BEIRUT — Hundreds of thousands of protesters from Hezbollah and its pro-Syrian allies massed today in downtown Beirut seeking to force the resignation of Western-backed Prime Minister Fuad Siniora, who was holed up in his office ringed by hundreds of police and combat troops.

The protest, which police estimated at 800,000, created a sea of Lebanese flags that blanketed downtown and spilled onto the surrounding streets. Hezbollah officials put the number at 1 million — one-fourth of Lebanon’s population.

“Siniora out. We want a free government,” protesters shouted through loudspeakers. The crowd roared in approval amid the deafening sound of Hezbollah revolutionary and nationalist songs. “We want a clean government,” read one placard, stating what has become the opposition’s motto.

Beginning a long-threatened campaign to force Lebanon’s U.S.-backed government from office, Hezbollah and its pro-Syrian allies said the demonstration would be followed by a wave of open-ended protests. Hezbollah had threatened demonstrations unless it and its allies obtained a veto share of the Cabinet — a demand Mr. Siniora and Lebanon’s anti-Syrian parties rejected. The protests now aim to generate enough popular pressure to paralyze the Siniora government and force it out.

Heavily armed soldiers and police had closed all roads to downtown, feverishly unfurling barbed wire and placing barricades.
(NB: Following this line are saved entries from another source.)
(* Let $I$ be the tridendriform ideal of $\mathcal{A}$ generated by $\{x\cdot y:x,y\in\mathcal A^+\}$, let $\overline{\Delta}$ be the coproduct induced by $\Delta$ on $\mathcal{A}/I$ and write $\bar x$ for the class of $x$. Define recursively, for every planar binary tree $t$, an element $\Delta_{LR}(t)\in(\mathcal A/I)\otimes(\mathcal A/I)$ of the form $\sum_{(X,s)}X\otimes\bar s$ (finite sum, $X\in\mathcal A/I$, $s$ binary trees) by $\Delta_{LR}(|)=\bar|\otimes\bar|$ and, for $t=t_1\vee t_2$ with $\Delta_{LR}(t_1)=\sum_{(X,s)}X\otimes\bar s$ and $\Delta_{LR}(t_2)=\sum_{(Z,r)}Z\otimes\bar r$, $$\Delta_{LR}(t)=\sum_{(X,s),(Z,r)}(X*Z)\otimes\overline{s\vee r}+\bar t\otimes\bar|.$$ Then $\overline{\Delta}(\bar t)=\Delta_{LR}(t)$ for every planar binary tree $t$ (this is the Loday–Ronco coproduct).
   Context: Trees: planar rooted trees in which every internal vertex has at least two children; the root vertex hangs from a trunk edge; leaves are edges without upper vertex; $|$ is the one-leaf tree; binary trees are those in which every internal vertex has exactly two children. $\mathcal A$ is the $\mathbb K$-span of all trees, $\mathcal A^+$ that of trees $\neq|$. Products: $x_0\vee\cdots\vee x_k$ ($k\ge1$) grafts trees left to right on a new root; for $x=x^{(0)}\vee\cdots\vee x^{(k)}$, $y=y^{(0)}\vee\cdots\vee y^{(l)}$: $x\prec y=x^{(0)}\vee\cdots\vee x^{(k-1)}\vee(x^{(k)}*y)$, $x\cdot y=x^{(0)}\vee\cdots\vee x^{(k-1)}\vee(x^{(k)}*y^{(0)})\vee y^{(1)}\vee\cdots\vee y^{(l)}$, $x\succ y=(x*y^{(0)})\vee y^{(1)}\vee\cdots\vee y^{(l)}$, $*=\prec+\cdot+\succ$, $|*z=z*|=z$; for $a\in\mathcal A^+$: $|\prec a=0$, $a\prec|=a$, $|\succ a=a$, $a\succ|=0$, $|\cdot a=a\cdot|=0$. A tridendriform ideal is a subspace $J$ with $x\ltimes y\in J$ whenever $x\in J$ or $y\in J$; $*$ descends to $\mathcal A/I$. Coproduct: $\Delta(|)=|\otimes|$, $\Delta(t)=\sum_c G^c(t)\otimes P^c(t)$ over admissible cuts of $t$ (internal edges join two internal vertices; a cut is a nonempty set of internal edges, plus the empty and total (below the root) cuts; admissible if every root-to-leaf path meets at most one chosen edge; $P^c(t)$ the component containing the root, $G^c(t)$ the $*$-product of the cut-off trees from left to right; empty cut: $P^c=t,G^c=|$; total cut: $P^c=|,G^c=t$). One has $\Delta(I)\subseteq I\otimes\mathcal A+\mathcal A\otimes I$, so $\Delta$ induces $\overline\Delta:\mathcal A/I\to(\mathcal A/I)\otimes(\mathcal A/I)$. *)

From HB Require Import structures.
From mathcomp Require Import all_boot all_order all_algebra.
From mathcomp Require Import finmap.
From mathcomp.multinomials Require Import monalg.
Despite Hezbollah’s assurances the protests will be peaceful, the heavy security came amid fears that the protests may turn into clashes between pro- and anti-Syrian factions or that Hezbollah supporters could try to storm Siniora’s government headquarters.
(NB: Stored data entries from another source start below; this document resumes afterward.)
(* If $\tilde w\in\widetilde W$ satisfies $\tilde w\alpha>0$ for all $\alpha\in\Delta(L)$, then $L\cap\tilde w^{-1}I^-\tilde w=B_L^-$.
   Context: $k$ a field, $G=\mathrm{GL}_n$, $s$ a variable; $I^-=\{g\in\mathrm{GL}_n(k[s^{-1}]):g|_{s^{-1}=0}\text{ lower triangular}\}$, $I\subset\mathrm{GL}_n(k[[s]])$ the preimage of upper triangular matrices. Affine roots $\alpha_{ij}+r$ have root subgroups $\{1+as^rE_{ij}\}$; an affine root is positive ($>0$) if its root subgroup lies in $I$. $\widetilde W$ = monomial matrices $w\,\mathrm{diag}(s^{\lambda_i})$, acting on affine roots by conjugation. Fix $1\le d\le n$. $L\subset\mathrm{GL}_n(k((s)))$ is the subgroup generated by the diagonal torus $T(k)$ and the root subgroups $\{1+as^{(i-j)/d}E_{ij}\}$, $i\equiv j\bmod d$, $i\ne j$ (isomorphic to $\{g\in\mathrm{GL}_n(k):g_{ij}=0\text{ unless }i\equiv j\bmod d\}$ via $s^{(i-j)/d}E_{ij}\mapsto E_{ij}$). $\Delta(L)=\{\alpha_{i,i+d}-1:1\le i\le n-d\}$ is its set of simple affine roots, and $B_L^-$ is the subgroup of $L$ generated by $T(k)$ and the root subgroups of $L$ with $i>j$. *)

From HB Require Import structures.
From mathcomp Require Import all_boot all_order all_algebra all_fingroup.
From mathcomp Require Import fraction.
Set Implicit Arguments. Unset Strict Implicit. Unset Printing Implicit Defensive.
Import Order.TTheory GRing.Theory Num.Theory.
Local Open Scope ring_scope.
Hezbollah’s security men, donning caps, formed two lines between the protesters and the security forces to prevent clashes.

“I wish that the prime minister and his ministers were among us today, not hiding behind barbed wire and army armored carriers. He who has his people behind him does not need barbed wire,” Michel Aoun, a Christian leader and Hezbollah ally, told the crowd.

Hezbollah’s leader, Hassan Nasrallah, who has not made a public appearance since a September rally for the militant group, could not be seen today. However, his speeches, blared through loudspeakers, drove the crowd wild with cheers.

At the rally, some protesters occasionally cried “Death to Israel” and “We want Feltman’s government to go,” a reference to U.S. Ambassador to Lebanon Jeffrey Feltman.

“We don’t want the [U.S.] Embassy inside the prime ministry,” said one demonstrator, Mahmoud Zeineddin.

Inside, Mr. Siniora went about his schedule in what appeared to be a tactic to ignore the throngs outside. A day earlier, he vowed his government would not fall but warned that “Lebanon’s independence is threatened, and its democratic system is in danger.”

A demonstration last week for a slain anti-Syrian politician also drew hundreds of thousands of people downtown, filling Martyr’s Square. Today’s appeared larger, as protesters swarmed not only that square but others as well as nearby streets and parking lots.

Supporters planned to set up camp around the clock in tents erected on a road outside Mr. Siniora’s office and in a downtown square.